そのほかの話もよかった。誰でも何度か迎える人生の転機。そのときに、どう考えいかに行動すべきかは人それぞれだけれど、選択肢の中から自分が選んだものに対し後悔はしてほしくないと思う。
どこにでもありそうな日常の断片を切り取って収めたような話ばかりで、読んでいて共感することも多かった。読後も、ほのぼのとした余韻が残る作品だった。

ゆこりん : 19:53 | 作者別・・むらかみりゅう

2014年6月27日

豆の上で眠る(湊かなえ)


小学3年生の姉万佑子が帰宅途中行方不明になった!必死の捜索にもかかわらず、万佑子は見つからなかった。だが、2年後に万佑子は突然帰って来た。妹の結衣子は、「本当に姉なのか?」と疑問を抱くのだが・・・。

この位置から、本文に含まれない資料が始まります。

(* Let $\kappa$ be a regular infinite cardinal, $I$ a nonempty set, $(S,\Sigma_S)$ a $\kappa$-measurable space separating points. Let $\underline M=\langle M,\Sigma,(T_i)_{i\in I},\theta\rangle$ and $\underline N=\langle N,\Sigma^N,(T_i^N)_{i\in I},\theta^N\rangle$ be $\kappa$-type spaces on $S$ for player set $I$ and $f:M\to N$ a type morphism. Then for all $m\in M$, $D(f(m))=D(m)$, i.e., for every $\kappa$-expression $\varphi$, $f(m)\in\varphi^{\underline N}$ iff $m\in\varphi^{\underline M}$.
   Context: A $\kappa$-field on a nonempty set is a field closed under intersections of fewer than $\kappa$ members. $\Delta^\kappa(M,\Sigma)$: finitely additive probability measures on $(M,\Sigma)$ with the $\kappa$-field generated by $\{\mu:\mu(E)\ge p\}$. ''Separating points'': for $s\neq s'$ in $S$ some $E\in\Sigma_S$ contains $s$ but not $s'$. A $\kappa$-type space on $S$ for $I$ is $\langle M,\Sigma,(T_i)_{i\in I},\theta\rangle$ with $\Sigma$ a $\kappa$-field on nonempty $M$, each $T_i:M\to\Delta^\kappa(M,\Sigma)$ measurable with: $\{m':T_i(m')=T_i(m)\}\subseteq A\in\Sigma$ implies $T_i(m)(A)=1$; and $\theta:M\to S$ measurable. A type morphism $f:M\to N$ is measurable with $\theta(m)=\theta^N(f(m))$ and $T_i^N(f(m))(E)=T_i(m)(f^{-1}(E))$ for all $m$, $E\in\Sigma^N$, $i$. $\kappa$-expressions: least set containing each $E\in\Sigma_S$ and closed under $\neg$, $B_i^p$ ($i\in I$, $p\in[0,1]$), and conjunctions of fewer than $\kappa$ (nonempty) expressions. Semantics: $E^{\underline M}=\theta^{-1}(E)$, complement, $(B_i^p\varphi)^{\underline M}=\{m:T_i(m)(\varphi^{\underline M})\ge p\}$, intersection. $D(m)=\{\varphi:m\in\varphi^{\underline M}\}$. *)

From Stdlib Require Import Reals.
Open Scope R_scope.
Set Implicit Arguments.

Definition le_card (A B : Type) : Prop := exists f : A -> B, forall x y, f x = f y -> x = y.
Definition lt_card (A B : Type) : Prop := le_card A B /\ ~ le_card B A.

(* The cardinal kappa is |K|. *)
Definition infinite_card (K : Type) : Prop := le_card nat K.
Definition regular_card (K : Type) : Prop :=
  forall (J : Type) (X : J -> Type),
    lt_card J K -> (forall j, lt_card (X j) K) -> lt_card {j : J & X j} K.

Definition kfield_closed (K M : Type) (Sig : (M -> Prop) -> Prop) : Prop :=
  Sig (fun _ => True) /\
  (forall E, Sig E -> Sig (fun m => ~ E m)) /\
  (forall (J : Type) (F : J -> M -> Prop),
      lt_card J K -> (forall j, Sig (F j)) -> Sig (fun m => forall j, F j m)).

Definition kfield (K M : Type) (Sig : (M -> Prop) -> Prop) : Prop :=
  inhabited M /\ kfield_closed K Sig.

Definition gen_kfield (K X : Type) (G : (X -> Prop) -> Prop) : (X -> Prop) -> Prop :=
  fun B => forall F : (X -> Prop) -> Prop, kfield_closed K F -> (forall A, G A -> F A) -> F B.

Definition measurable_map (A B : Type) (SA : (A -> Prop) -> Prop) (SB : (B -> Prop) -> Prop)
  (f : A -> B) : Prop := forall E, SB E -> SA (fun a => E (f a)).

Definition separates_points (S : Type) (SigS : (S -> Prop) -> Prop) : Prop :=
  forall s s' : S, s <> s' -> exists E, SigS E /\ E s /\ ~ E s'.

(* It is represented as a
   function on all subsets which is 0 outside Sig, so that it is determined by
   its values on Sig (equality of measures = agreement on Sig). *)
Definition is_fapm (M : Type) (Sig : (M -> Prop) -> Prop) (mu : (M -> Prop) -> R) : Prop :=
  (forall E, ~ Sig E -> mu E = 0) /\
  (forall E, Sig E -> 0 <= mu E) /\
  mu (fun _ => True) = 1 /\
  (forall E F, Sig E -> Sig F -> (forall m, E m -> F m -> False) ->
     mu (fun m => E m \/ F m) = mu E + mu F).

Definition DeltaK (M : Type) (Sig : (M -> Prop) -> Prop) : Type := { mu | is_fapm Sig mu }.

Definition Delta_field (K M : Type) (Sig : (M -> Prop) -> Prop) : (DeltaK Sig -> Prop) -> Prop :=
  gen_kfield K (fun B : DeltaK Sig -> Prop =>
    exists E p, Sig E /\ 0 <= p <= 1 /\ B = (fun mu => proj1_sig mu E >= p)).

Definition is_type_space (K S I M : Type) (SigS : (S -> Prop) -> Prop)
  (Sig : (M -> Prop) -> Prop) (T : I -> M -> DeltaK Sig) (theta : M -> S) : Prop :=
  kfield K Sig /\
  (forall i, measurable_map Sig (@Delta_field K M Sig) (T i)) /\
  (forall i m A, Sig A -> (forall m', T i m' = T i m -> A m') -> proj1_sig (T i m) A = 1) /\
  measurable_map Sig SigS theta.

Definition is_type_morphism (S I M N : Type)
  (Sig : (M -> Prop) -> Prop) (T : I -> M -> DeltaK Sig) (theta : M -> S)
  (SigN : (N -> Prop) -> Prop) (TN : I -> N -> DeltaK SigN) (thetaN : N -> S)
  (f : M -> N) : Prop :=
  measurable_map Sig SigN f /\
  (forall m, theta m = thetaN (f m)) /\
  (forall i m E, SigN E -> proj1_sig (TN i (f m)) E = proj1_sig (T i m) (fun x => E (f x))).

Inductive expr (K S I : Type) (SigS : (S -> Prop) -> Prop) : Type :=
| EAtom (E : S -> Prop) (HE : SigS E)
| ENeg (phi : expr K I SigS)
| EBel (i : I) (p : R) (Hp : 0 <= p <= 1) (phi : expr K I SigS)
| EConj (A : K -> Prop) (HA : (exists k, A k) /\ lt_card {k | A k} K)
        (phi : K -> expr K I SigS).

Fixpoint sem (K S I M : Type) (SigS : (S -> Prop) -> Prop)
  (Sig : (M -> Prop) -> Prop) (T : I -> M -> DeltaK Sig) (theta : M -> S)
  (e : expr K I SigS) : M -> Prop :=
  match e with
  | @EAtom _ _ _ _ E _ => fun m => E (theta m)
  | @ENeg _ _ _ _ phi => fun m => ~ sem T theta phi m
  | @EBel _ _ _ _ i p _ phi => fun m => proj1_sig (T i m) (sem T theta phi) >= p
  | @EConj _ _ _ _ A _ phi => fun m => forall k, A k -> sem T theta (phi k) m
  end.

From Stdlib Require Import Reals.
From Stdlib Require Import FunctionalExtensionality PropExtensionality.

(* The only real case is belief: the morphism
   condition transports T^N_i(f m)(phi^N) to T_i(m)(f^-1(phi^N)), which needs
   phi^N to be measurable (truth sets of a type space always are), and
   f^-1(phi^N) = phi^M by the induction hypothesis. *)

Lemma pred_ext {M : Type} {A B : M -> Prop} : (forall m, A m <-> B m) -> A = B.
Proof.
  intro H. apply functional_extensionality; intro m.
  apply propositional_extensionality; apply H.
Qed.

Lemma sem_measurable {K S I M : Type} {SigS : (S -> Prop) -> Prop}
  {Sig : (M -> Prop) -> Prop} {T : I -> M -> DeltaK Sig} {theta : M -> S} :
  kfield_closed K Sig ->
  (forall i, measurable_map Sig (@Delta_field K M Sig) (T i)) ->
  measurable_map Sig SigS theta ->
  forall phi : expr K I SigS, Sig (sem T theta phi).
Proof.
  intros [_ [HC HI]] HT Htheta.
  induction phi as [E HE|phi IH|i p Hp phi IH|A HA phi IH]; simpl.
  - exact (Htheta E HE).
  - exact (HC _ IH).
  - apply (HT i (fun mu => proj1_sig mu (sem T theta phi) >= p)).
    intros F _ Hgen. apply Hgen. exists (sem T theta phi), p. auto.
  - assert (Hconj : (fun m => forall j : {k | A k}, sem T theta (phi (proj1_sig j)) m)
                    = (fun m => forall k, A k -> sem T theta (phi k) m)).
    { apply pred_ext; intro m; split.
      - intros H k Hk. exact (H (exist _ k Hk)).
      - intros H [k Hk]. exact (H k Hk). }
    rewrite <- Hconj. apply HI; [apply HA | intros [k Hk]; apply IH].
Qed.

Lemma type_space_sem_measurable {K S I M : Type} {SigS : (S -> Prop) -> Prop}
  {Sig : (M -> Prop) -> Prop} {T : I -> M -> DeltaK Sig} {theta : M -> S} :
  is_type_space K SigS T theta -> forall phi : expr K I SigS, Sig (sem T theta phi).
Proof.
  intros [[_ Hfield] [HT [_ Htheta]]]. exact (sem_measurable Hfield HT Htheta).
Qed.

Lemma sem_type_morphism {K S I M N : Type} {SigS : (S -> Prop) -> Prop}
  {Sig : (M -> Prop) -> Prop} {T : I -> M -> DeltaK Sig} {theta : M -> S}
  {SigN : (N -> Prop) -> Prop} {TN : I -> N -> DeltaK SigN} {thetaN : N -> S}
  {f : M -> N} :
  is_type_morphism T theta TN thetaN f ->
  (forall phi : expr K I SigS, SigN (sem TN thetaN phi)) ->
  forall (phi : expr K I SigS) (m : M), sem TN thetaN phi (f m) <-> sem T theta phi m.
Proof.
  intros [_ [Htheta HTf]] HmeasN phi.
  induction phi as [E HE|phi IH|i p Hp phi IH|A HA phi IH]; intro m; simpl.
  - rewrite Htheta. reflexivity.
  - rewrite IH. reflexivity.
  - rewrite (HTf i m _ (HmeasN phi)), (pred_ext IH). reflexivity.
  - split; intros H k Hk; apply IH; auto.
Qed.

Theorem proposition2
  (K : Type) (Hinf : infinite_card K) (Hreg : regular_card K)
  (I : Type) (HI : inhabited I)
  (S : Type) (SigS : (S -> Prop) -> Prop) (HS : kfield K SigS) (Hsep : separates_points SigS)
  (M : Type) (Sig : (M -> Prop) -> Prop) (T : I -> M -> DeltaK Sig) (theta : M -> S)
  (HM : is_type_space K SigS T theta)
  (N : Type) (SigN : (N -> Prop) -> Prop) (TN : I -> N -> DeltaK SigN) (thetaN : N -> S)
  (HN : is_type_space K SigS TN thetaN)
  (f : M -> N) (Hf : is_type_morphism T theta TN thetaN f) :
  forall (m : M) (phi : expr K I SigS), sem TN thetaN phi (f m) <-> sem T theta phi m.
Proof.
  intros m phi.
  exact (sem_type_morphism Hf (type_space_sem_measurable HN) phi m).
Qed.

姉が行方不明になったとき、妹の結衣子は小学1年生だった。そのくらいの年になれば、毎日一緒に遊んでいた姉と2年ぶりに会ってもはっきりと分かるのではないだろうか。祖母にしてもそうだ。いつも遊びに来ていた孫と他人の区別はできるのではないだろうか。父母の態度もおかしすぎる。また、行方不明になっていた2年間の動機もあり得ないような気がする。小学3年生だった万佑子がそこまでとっさに考えたなどとは信じられない。ラストも納得できるものではなかった。無理やりつじつまを合わせた・・・そういう感じだ。「姉は本物か?」「結衣子の違和感はどこから来るのか?」そういうことを考えながら途中までは面白く読めたのだが・・・。「設定に無理がある不自然な話」という印象で終わってしまったのはとても残念だった。

ゆこりん : 19:30 | 作者別・・み他

2014年6月18日

カレイドスコープの箱庭(海堂尊)


右肺葉摘出術の患者が術後に亡くなったが、肺癌としたのは誤診ではないかとの疑惑があった。「電子カルテ運用に関わる問題があるのでは?」誤診疑惑の調査に乗り出したのは、電子カルテ導入委員会の委員長である田口医師だった。はたして真相は・・・?

誤診疑惑の調査。そして、AI国際会議の準備。そのふたつで田口医師はてんやわんや・・・。内容は、ミステリーとまでは行かないと思う。けれど、過去のシリーズで活躍した人物がいろいろ登場して、読んでいて面白かった。多少ドタバタの感じではあったが、このシリーズの最後を飾るのにふさわしいように思う。本編はまあまあ面白いかな?といったところだが、巻末の"おまけ"の「海堂尊ワールド」がすごかった!作品相関図、登場人物相関図、登場人物表・・・などなど。ファンなら泣いて喜びそうなものばかりだ。それにしても、海堂尊ワールドは奥が深い。未読の作品もまだ少しあるので、そちらもじっくりと読んでいきたいと思っている。